FIGS. 7 and 8 both show a high water to total mass flow ratio of 50%. FIG. 7 shows 4 ft/s (1.2 m/s) produced a moderately separated upstream flow and FIG. 8 shows 5 ft/s (1.6 m/s) produced a more mixed upstream flow. However, both flows were very significantly more mixed by the cone. Even at the very high water to total mass flow ratio of 75% at 5 ft/s (1.6 m/s) (see FIG. 9) where the inlet flow is clearly stratified, the flow exiting the cone element is clearly extremely mixed.


In all tests the mixing of the water in oil flows not only looked considerable but seemed to extend dozens of pipe diameters downstream before separation began to be evident.


Therefore it can be concluded that the cone element is a good water with oil flow mixer. Furthermore, it is simpler than the traditional mixer designs, and can also be used as the flow meter. That is, a DP meter could be used as a joint mixer and flow meter instead of the current practice of having a mixer component and a separate meter component.


Industry favours passive mixers. This is opposed to an active mixer doing work on the fluids, e.g. a recirculating jet system. All static mixer designs therefore depend on the flow's own energy (i.e. dynamic pressure) to mix the water and oil. Any static mixer design, for a given water to oil flow rate ratio and fluid properties, will be less efficient at lower flow rates. The lower the flow's dynamic pressure the less mixing any given static/passive mixer design can produce. This is a governing principle of all passive mixer designs.


All passive mixers benefit from and have better results in vertical flow compared to horizontal flow because any water in oil flow is more mixed in vertical flow at the inlet to the mixer. This is as true for DP meters as it is all other passive mixers.

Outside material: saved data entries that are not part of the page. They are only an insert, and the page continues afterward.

(* Consider the upper-bound type system, and assume the program is well-typed w.r.t. the signature $\Sigma$ in that system. If $\models E:\Gamma$, $E\vdash e\Downarrow v$, and $\Sigma;\Gamma\vdash^{q}_{q'}e:A$ is derivable in the upper-bound type system, then for all $p,r\in\mathbb Q_{\ge0}$ with $p\ge q+\Phi_E(\Gamma)+r$ there exists $p'\in\mathbb Q_{\ge0}$ such that $E\vdash^{p}_{p'}e\Downarrow v$ and $p'\ge q'+\Phi(v:A)+r$.
   Context: Base types: $T ::= \mathsf{unit}\mid\mathsf{bool}\mid\mathsf{int}\mid L(T)\mid T*T$. Values: $v ::= () \mid \mathsf{true}\mid\mathsf{false}\mid n\ (n\in\mathbb Z)\mid [v_1,\dots,v_n]\ (n\ge 0$, the empty list being $\mathsf{nil})\mid (v_1,v_2)$. Value typing $\models v:T$: $()$ has type $\mathsf{unit}$, booleans have type $\mathsf{bool}$, integers have type $\mathsf{int}$, $(v_1,v_2):T_1*T_2$ if $\models v_i:T_i$, and $[v_1,\dots,v_n]:L(T)$ if every $\models v_i:T$ (so $\mathsf{nil}$ has every list type). Expressions (let-normal form; $x,x_i$ are variables, $f$ function identifiers): $e ::= () \mid \mathsf{true}\mid \mathsf{false}\mid n\mid x\mid \mathrm{op}_\diamond(x_1,x_2)\mid \mathrm{app}(f,x)\mid \mathrm{if}(x,e_t,e_f)\mid \mathrm{let}(x,e_1,x.e_2)\mid \mathrm{pair}(x_1,x_2)\mid \mathrm{match}(x,(x_1,x_2).e)\mid \mathsf{nil}\mid \mathrm{cons}(x_1,x_2)\mid\mathrm{match}(x,e_1,(x_h,x_t).e_2)\mid\mathrm{share}(x,(x_1,x_2).e)$, with $\diamond\in\{+,-,*,\mathrm{div},\mathrm{mod},=,<>,<,>,\mathrm{and},\mathrm{or}\}$. A program fixes for each function identifier $f$ a body $e_f$ with a single parameter variable $y^f$. An environment $E$ is a finite map from variables to values. Cost semantics: fix arbitrary rational constants $K^{\mathrm{unit}},K^{\mathrm{bool}},K^{\mathrm{int}},K^{\mathrm{nil}},K^{\mathrm{var}},K^{\mathrm{op}},K^{\mathrm{app}},K^{\mathrm{let}},K^{\mathrm{cond}},K^{\mathrm{pair}},K^{\mathrm{matchP}},K^{\mathrm{cons}},K^{\mathrm{matchN}},K^{\mathrm{matchL}}$. The judgement $E\vdash^{q}_{q'} e\Downarrow v$ (all counters $q,q'$ occurring in derivations are in $\mathbb Q_{\ge0}$) is defined inductively: $E\vdash^{q+K^{c}}_{q}c\Downarrow c$ for constants $c\in\{(),\mathsf{true},\mathsf{false},n,\mathsf{nil}\}$ with the corresponding constant $K^{\mathrm{unit}},K^{\mathrm{bool}},K^{\mathrm{int}},K^{\mathrm{nil}}$; $E\vdash^{q+K^{\mathrm{var}}}_q x\Downarrow E(x)$ for $x\in\mathrm{dom}(E)$; $E\vdash^{q+K^{\mathrm{op}}}_q\mathrm{op}_\diamond(x_1,x_2)\Downarrow E(x_1)\diamond E(x_2)$; $E\vdash^{q+K^{\mathrm{pair}}}_q \mathrm{pair}(x_1,x_2)\Downarrow (E(x_1),E(x_2))$; $E\vdash^{q+K^{\mathrm{cons}}}_q\mathrm{cons}(x_h,x_t)\Downarrow[v_1,\dots,v_n]$ if $E(x_h)=v_1$ and $E(x_t)=[v_2,\dots,v_n]$; if $E[y^f\mapsto E(x)]\vdash^q_{q'}e_f\Downarrow v$ then $E\vdash^{q+K^{\mathrm{app}}}_{q'}\mathrm{app}(f,x)\Downarrow v$; if $E\vdash^{q-K^{\mathrm{let}}}_{q_1}e_1\Downarrow v_1$ and $E[x\mapsto v_1]\vdash^{q_1}_{q'}e_2\Downarrow v$ then $E\vdash^q_{q'}\mathrm{let}(x,e_1,x.e_2)\Downarrow v$; if $E(x)=\mathsf{true}$ and $E\vdash^{q-K^{\mathrm{cond}}}_{q'}e_t\Downarrow v$ (resp. $E(x)=\mathsf{false}$ and $E\vdash^{q-K^{\mathrm{cond}}}_{q'}e_f\Downarrow v$) then $E\vdash^q_{q'}\mathrm{if}(x,e_t,e_f)\Downarrow v$; if $E(x)=(v_1,v_2)$ and $E[x_1\mapsto v_1,x_2\mapsto v_2]\vdash^{q-K^{\mathrm{matchP}}}_{q'}e\Downarrow v$ then $E\vdash^q_{q'}\mathrm{match}(x,(x_1,x_2).e)\Downarrow v$; if $E(x)=\mathsf{nil}$ and $E\vdash^{q-K^{\mathrm{matchN}}}_{q'}e_1\Downarrow v$ then $E\vdash^q_{q'}\mathrm{match}(x,e_1,(x_h,x_t).e_2)\Downarrow v$; if $E(x)=[v_1,\dots,v_n]$ with $n\ge1$ and $E[x_h\mapsto v_1,x_t\mapsto[v_2,\dots,v_n]]\vdash^{q-K^{\mathrm{matchL}}}_{q'}e_2\Downarrow v$ then $E\vdash^q_{q'}\mathrm{match}(x,e_1,(x_h,x_t).e_2)\Downarrow v$; if $E(x)=v_1$ and $(E\setminus\{x\})[x_1\mapsto v_1,x_2\mapsto v_1]\vdash^q_{q'}e\Downarrow v$ then $E\vdash^q_{q'}\mathrm{share}(x,(x_1,x_2).e)\Downarrow v$. We write $E\vdash e\Downarrow v$ if $E\vdash^q_{q'}e\Downarrow v$ for some $q,q'$. Resource-annotated types: $A ::= \mathsf{unit}\mid\mathsf{bool}\mid\mathsf{int}\mid L^p(A)\mid A*A$ with $p\in\mathbb Q_{\ge0}$; $|A|$ denotes the base type obtained by erasing annotations. An annotated context $\Gamma$ is a finite map from variables to annotated types; $\Gamma_1,\Gamma_2$ denotes the union of contexts with disjoint domains (contexts are unordered). $\models E:\Gamma$ means $\models E(x):|\Gamma(x)|$ for all $x\in\mathrm{dom}(\Gamma)$. Potential: $\Phi(v:A)=0$ for $A\in\{\mathsf{unit},\mathsf{bool},\mathsf{int}\}$; $\Phi((v_1,v_2):A_1*A_2)=\Phi(v_1:A_1)+\Phi(v_2:A_2)$; $\Phi([v_1,\dots,v_n]:L^p(A))=n\cdot p+\sum_{i=1}^n\Phi(v_i:A)$; $\Phi_E(\Gamma)=\sum_{x\in\mathrm{dom}(\Gamma)}\Phi(E(x):\Gamma(x))$. Sharing relation: $\curlyvee(A\mid A,A)$ for $A\in\{\mathsf{unit},\mathsf{bool},\mathsf{int}\}$; $\curlyvee(A*B\mid A_1*B_1,A_2*B_2)$ if $\curlyvee(A\mid A_1,A_2)$ and $\curlyvee(B\mid B_1,B_2)$; $\curlyvee(L^p(A)\mid L^{p_1}(A_1),L^{p_2}(A_2))$ if $\curlyvee(A\mid A_1,A_2)$ and $p=p_1+p_2$. Subtyping $\preceq$: $A\preceq A$ for atoms; $L^{p_1}(A_1)\preceq L^{p_2}(A_2)$ if $A_1\preceq A_2$ and $p_1\le p_2$; $A_1*B_1\preceq A_2*B_2$ if $A_1\preceq A_2$ and $B_1\preceq B_2$. A signature $\Sigma$ maps function identifiers to nonempty sets of annotated function types $A_1\xrightarrow{q/q'}A_2$ ($q,q'\in\mathbb Q_{\ge0}$). Typing judgements $\Sigma;\Gamma\vdash^{q}_{q'}e:A$ with $q,q'\in\mathbb Q_{\ge0}$ (every annotation in a rule instance must be a nonnegative rational). Syntax-directed rules: $\Sigma;\emptyset\vdash^{K^{\mathrm{unit}}}_0():\mathsf{unit}$; $\Sigma;\emptyset\vdash^{K^{\mathrm{bool}}}_0 b:\mathsf{bool}$; $\Sigma;\emptyset\vdash^{K^{\mathrm{int}}}_0 n:\mathsf{int}$; $\Sigma;\emptyset\vdash^{K^{\mathrm{nil}}}_0\mathsf{nil}:L^p(A)$; $\Sigma;x:A\vdash^{K^{\mathrm{var}}}_0x:A$; $\Sigma;x_1:\mathsf{bool},x_2:\mathsf{bool}\vdash^{K^{\mathrm{op}}}_0\mathrm{op}_\diamond(x_1,x_2):\mathsf{bool}$ for $\diamond\in\{\mathrm{and},\mathrm{or}\}$; $\Sigma;x_1:\mathsf{int},x_2:\mathsf{int}\vdash^{K^{\mathrm{op}}}_0\mathrm{op}_\diamond(x_1,x_2):\mathsf{bool}$ for comparisons and $:\mathsf{int}$ for $+,-,*,\mathrm{div},\mathrm{mod}$; if $A_1\xrightarrow{q/q'}A_2\in\Sigma(f)$ then $\Sigma;x:A_1\vdash^{q+K^{\mathrm{app}}}_{q'}\mathrm{app}(f,x):A_2$; from $\Sigma;\Gamma_1\vdash^{q-K^{\mathrm{let}}}_{q_1}e_1:A_1$ and $\Sigma;\Gamma_2,x:A_1\vdash^{q_1}_{q'}e_2:A_2$ infer $\Sigma;\Gamma_1,\Gamma_2\vdash^q_{q'}\mathrm{let}(x,e_1,x.e_2):A_2$; from $\Sigma;\Gamma\vdash^{q-K^{\mathrm{cond}}}_{q'}e_t:A$ and $\Sigma;\Gamma\vdash^{q-K^{\mathrm{cond}}}_{q'}e_f:A$ infer $\Sigma;\Gamma,x:\mathsf{bool}\vdash^q_{q'}\mathrm{if}(x,e_t,e_f):A$; $\Sigma;x_1:A_1,x_2:A_2\vdash^{K^{\mathrm{pair}}}_0\mathrm{pair}(x_1,x_2):A_1*A_2$; from $\Sigma;\Gamma,x_1:A_1,x_2:A_2\vdash^{q-K^{\mathrm{matchP}}}_{q'}e:A$ infer $\Sigma;\Gamma,x:A_1*A_2\vdash^q_{q'}\mathrm{match}(x,(x_1,x_2).e):A$; $\Sigma;x_h:A,x_t:L^p(A)\vdash^{p+K^{\mathrm{cons}}}_0\mathrm{cons}(x_h,x_t):L^p(A)$; from $\Sigma;\Gamma\vdash^{q-K^{\mathrm{matchN}}}_{q'}e_1:B$ and $\Sigma;\Gamma,x_h:A,x_t:L^p(A)\vdash^{q+p-K^{\mathrm{matchL}}}_{q'}e_2:B$ infer $\Sigma;\Gamma,x:L^p(A)\vdash^q_{q'}\mathrm{match}(x,e_1,(x_h,x_t).e_2):B$; from $\Sigma;\Gamma,x_1:A_1,x_2:A_2\vdash^q_{q'}e:B$ and $\curlyvee(A\mid A_1,A_2)$ infer $\Sigma;\Gamma,x:A\vdash^q_{q'}\mathrm{share}(x,(x_1,x_2).e):B$. Structural rules of the upper-bound system: (Relax) from $\Sigma;\Gamma\vdash^p_{p'}e:A$, $q\ge p$ and $q-p\ge q'-p'$ infer $\Sigma;\Gamma\vdash^q_{q'}e:A$; (Weakening) from $\Sigma;\Gamma\vdash^q_{q'}e:B$ infer $\Sigma;\Gamma,x:A\vdash^q_{q'}e:B$ for any $A$; (Subtype) from $\Sigma;\Gamma\vdash^q_{q'}e:A$ and $B\preceq A$ infer $\Sigma;\Gamma\vdash^q_{q'}e:B$; (Supertype) from $\Sigma;\Gamma,x:B\vdash^q_{q'}e:C$ and $B\preceq A$ infer $\Sigma;\Gamma,x:A\vdash^q_{q'}e:C$. The program is well-typed w.r.t. $\Sigma$ in this system if for every $f$ and every $A_1\xrightarrow{q/q'}A_2\in\Sigma(f)$, $\Sigma;y^f:A_1\vdash^q_{q'}e_f:A_2$ is derivable. *)

From HB Require Import structures.
From mathcomp Require Import all_boot all_order all_algebra.
From Stdlib Require Import Permutation.
Set Implicit Arguments. Unset Strict Implicit. Unset Printing Implicit Defensive.
Import Order.TTheory GRing.Theory Num.Theory.
Local Open Scope ring_scope.

Definition var := nat.
Definition fid := nat.

Inductive bty :=
| TUnit | TBool | TInt | TList of bty | TPair of bty & bty.

Inductive value :=
| VUnit
| VBool of bool
| VInt of int
| VList of seq value
| VPair of value & value.

Fixpoint vty (T : bty) (v : value) {struct T} : bool :=
  match T, v with
  | TUnit, VUnit => true
  | TBool, VBool _ => true
  | TInt, VInt _ => true
  | TList T', VList vs => all (vty T') vs
  | TPair T1 T2, VPair v1 v2 => vty T1 v1 && vty T2 v2
  | _, _ => false
  end.

Inductive op :=
| OAdd | OSub | OMul | ODiv | OMod
| OEq | ONeq | OLt | OGt
| OAnd | OOr.

(* expressions in let-normal form *)
Inductive expr :=
| EUnit
| ETrue
| EFalse
| EInt of int
| EVar of var
| EOp of op & var & var
| EApp of fid & var
| EIf of var & expr & expr
| ELet of var & expr & expr                    (* let(x, e1, x.e2) *)
| EPair of var & var
| EMatchP of var & var & var & expr            (* match(x,(x1,x2).e) *)
| ENil
| ECons of var & var
| EMatchL of var & expr & var & var & expr     (* match(x,e1,(xh,xt).e2) *)
| EShare of var & var & var & expr.            (* share(x,(x1,x2).e) *)

Record fundef := FunDef { fparam : var; fbody : expr }.
Definition prog := fid -> fundef.

(* Environments: finite maps from variables to values, represented as  *)
(* association lists (the most recent binding shadows older ones).     *)

Definition env := seq (var * value).

Fixpoint lookup (E : env) (x : var) : option value :=
  match E with
  | [::] => None
  | (y, w) :: E' => if y == x then Some w else lookup E' x
  end.

Definition upd (E : env) (x : var) (v : value) : env := (x, v) :: E.
Definition rem_var (E : env) (x : var) : env := [seq yw <- E | yw.1 != x].

Definition op_sem (o : op) (v1 v2 : value) : option value :=
  match o, v1, v2 with
  | OAdd, VInt m, VInt n => Some (VInt (m + n))
  | OSub, VInt m, VInt n => Some (VInt (m - n))
  | OMul, VInt m, VInt n => Some (VInt (m * n))
  | ODiv, VInt m, VInt n => if n == 0 then None else Some (VInt (m %/ n)%Z)
  | OMod, VInt m, VInt n => if n == 0 then None else Some (VInt (m %% n)%Z)
  | OEq, VInt m, VInt n => Some (VBool (m == n))
  | ONeq, VInt m, VInt n => Some (VBool (m != n))
  | OLt, VInt m, VInt n => Some (VBool (m < n))
  | OGt, VInt m, VInt n => Some (VBool (m > n))
  | OAnd, VBool a, VBool b => Some (VBool (a && b))
  | OOr, VBool a, VBool b => Some (VBool (a || b))
  | _, _, _ => None
  end.

Record costs := Costs {
  Kunit : rat; Kbool : rat; Kint : rat; Knil : rat; Kvar : rat; Kop : rat;
  Kapp : rat; Klet : rat; Kcond : rat; Kpair : rat; KmatchP : rat;
  Kcons : rat; KmatchN : rat; KmatchL : rat }.

Section Eval.
Variables (K : costs) (P : prog).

However, DP meters (including as an example the cone meter) can be used in a horizontal installation. Just as other more conventional mixers (e.g. Ross and Komax mixers) can be used in horizontal installations as long as extra elements are applied to assure more mixing, a cone meter can be used in horizontal installations as long as the beta ratio is suitably low, i.e. the cone element is suitably large to assure more mixing. The horizontal cone meter installation tests shown in FIGS. 5 through 9 are for the case of a relatively small beta ratio (0.483β), i.e. a relatively large cone element. The smaller the cone meter's beta ratio, the larger the acceleration of the flow across the cone element, and the better the mixing.


Visual evidence of cone meter mixing is compelling (e.g. FIGS. 5 through 9) but not conclusive. Further evidence of the cone elements mixing capability can be obtained from separate technical considerations. Initial testing of a horizontally installed 6 inch (15.24 cm), 0.483β cone meter with an API compliant sample probe indicated that across a variety of water with oil flow conditions the samples water with oil flow rate ratio prediction matched the true value to low uncertainty. Initial testing of a horizontally installed 4 inch (10.16 cm), 0.630β cone meter with the same sample probe indicated that the water with oil flow rate ratio prediction uncertainty increased significantly at lower flow rates. This set-up is shown in FIG. 10, where the sample system can be clearly seen downstream of the DP meter.


Low flow rates (and low dynamic pressures) coupled with the moderate cone element size compromised the quality of the mixing. Hence, cone meters can be used as water with oil flow mixers in the horizontal location, but due to the physical law limitations that all passive mixer designs are bound by, there is a minimum flow velocity and beta ratio combination required (which is case dependent). The cone meter can most certainly be used without these constraints as a joint mixer and meter in vertical flow.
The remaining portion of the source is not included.